PPHN was induced by fetal ductal constriction from 127 ± 2 to 135 ± 2 days gestation as previously described (22). Control fetal lambs (NFL) received sham operation without ligation of the ductus arteriosus (DA). The use of animals in this study was approved by the Institutional Animal Care and Use Committee of Medical College of Wisconsin. After 8 days of DA constriction, ewes were euthanized, and fetal lungs were removed en bloc.
Isolation of PAEC.
Pulmonary arteries of fetal lambs were dissected into lung parenchyma up to the 3rd generation branches. PAEC were isolated from pulmonary arteries with the use of 0.25% collagenase type A (Roche), and cells were grown in DMEM with 20% FCS. Endothelial cell identity was verified by the presence of factor VIII antigen and acetylated LDL uptake. PAEC isolated from more than 6 fetal lambs in each group were used between the 3rd and 6th passages. PAEC from NFL (NFL-PAEC) and HTFL-PAEC from same passage number were cultured at the same time in parallel for each experiment for appropriate comparison. Confluent PAEC were detached with TrypLE reagent (Invitrogen) at 37°C and mixed with DMEM containing 5% FCS and 1% AB/AM to adjust the cell count to ∼1 × 106 per milliliter for tube formation assay or mixed with serum-free DMEM for cell invasion assay. Cell number was counted by hemocytometer, and viable cells were evaluated by trypan blue stain. Only batches with >95% viable cells were used for experiments.
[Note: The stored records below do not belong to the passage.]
Lemma taboo_exit_weightS n u :
  taboo_exit_weight n.+1 u = \esum_(v in A) ((P u v)%:E * taboo_exit_weight n v).
Proof.
rewrite /taboo_exit_weight /=.
transitivity (\esum_(w in B) \esum_(v in A)
    ((P u v)%:E * (taboo P A n v w * (h w)%:E))).
  apply: eq_esum => w _; rewrite muleC -esumZl//; last first.
    by move=> v; rewrite mule_ge0 ?lee_fin ?taboo_ge0.
  by apply: eq_esum => v _; rewrite muleC muleA.
rewrite exchange_esum; last by move=> *; rewrite !mule_ge0 ?lee_fin ?taboo_ge0.
by apply: eq_esum => v _; rewrite esumZl// => w; rewrite mule_ge0 ?lee_fin ?taboo_ge0.
Qed.

Hypothesis h_ge1 : forall w, B w -> (1 <= h w)%R.
Hypothesis AB_disj : forall w, A w -> ~ B w.
Hypothesis h_superharmonic : forall u, A u -> Ph u <= (h u)%:E.

Let partial_weight N u := \sum_(0 <= n < N) taboo_exit_weight n u.

(* Exiting into [B] at the first step and moving on inside [A] are disjoint,
   so the two contributions add up to at most [Ph u]. *)
Let partial_weightS_le N u :
  (forall v, A v -> partial_weight N v <= (h v)%:E) -> partial_weight N.+1 u <= Ph u.
Proof.
move=> IH; rewrite /partial_weight big_nat_recl//.
under eq_bigr do rewrite taboo_exit_weightS.
rewrite -esum_sum; last by move=> v n _ _; rewrite mule_ge0 ?lee_fin.
apply: (le_trans _ (esumU_le_setT _ AB_disj)); last first.
  by move=> w; rewrite lee_fin mulr_ge0.
rewrite addeC; apply: leeD.
  apply: le_esum => v Av; rewrite -ge0_sume_distrr// EFinM.
  by apply: lee_wpmul2l; rewrite ?lee_fin// IH.
by apply: le_esum => w _ /=; rewrite EFinM.
Qed.

Let partial_weight_le_h N u : A u -> partial_weight N u <= (h u)%:E.
Proof.
elim: N u => [|N IH] u Au; first by rewrite /partial_weight big_geq// lee_fin.
exact: le_trans (partial_weightS_le u IH) (h_superharmonic Au).
Qed.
In vitro tube formation assay.
After overnight thaw at 4°C, 50 μl of Matrigel was gently pipetted into each well of the 96-well plate. Matrigel was allowed to solidify in the incubator for 2 h at 37°C. PAEC (2 × 104) were added on top of the Matrigel and incubated at 37°C at an oxygen concentration of either 5 or 21% supplemented with 5% CO2 for 8 or 14 h (n = 5–8). Our preliminary studies showed regression of tube formation in Matrigel after 14 h, especially in HTFL-PAEC cultures, as previously reported by Gien et al. (15). In some experiments, NADPH oxidase inhibitor, apocynin (Apo; 50 μM), or antioxidant, N-acetyl-cysteine (NAC; 500 μM), were added to evaluate the role of reactive oxygen species in tube formation. One representative picture was taken per well using an Olympus IX50 inverted microscope at ×20 magnification. Total tube length of HTFL-PAEC, with or without treatment, was normalized against total tube length of NFL-PAEC performed at the same time as one of the parameters of tube formation assay. The number of branching points per high-power field (HPF) was used as another parameter to quantify tube formation. Only tubular structures connecting 2 cell clusters were considered for measurements, whereas cell clusters with at least 3 tubular structures emanating out were considered to be a branching point.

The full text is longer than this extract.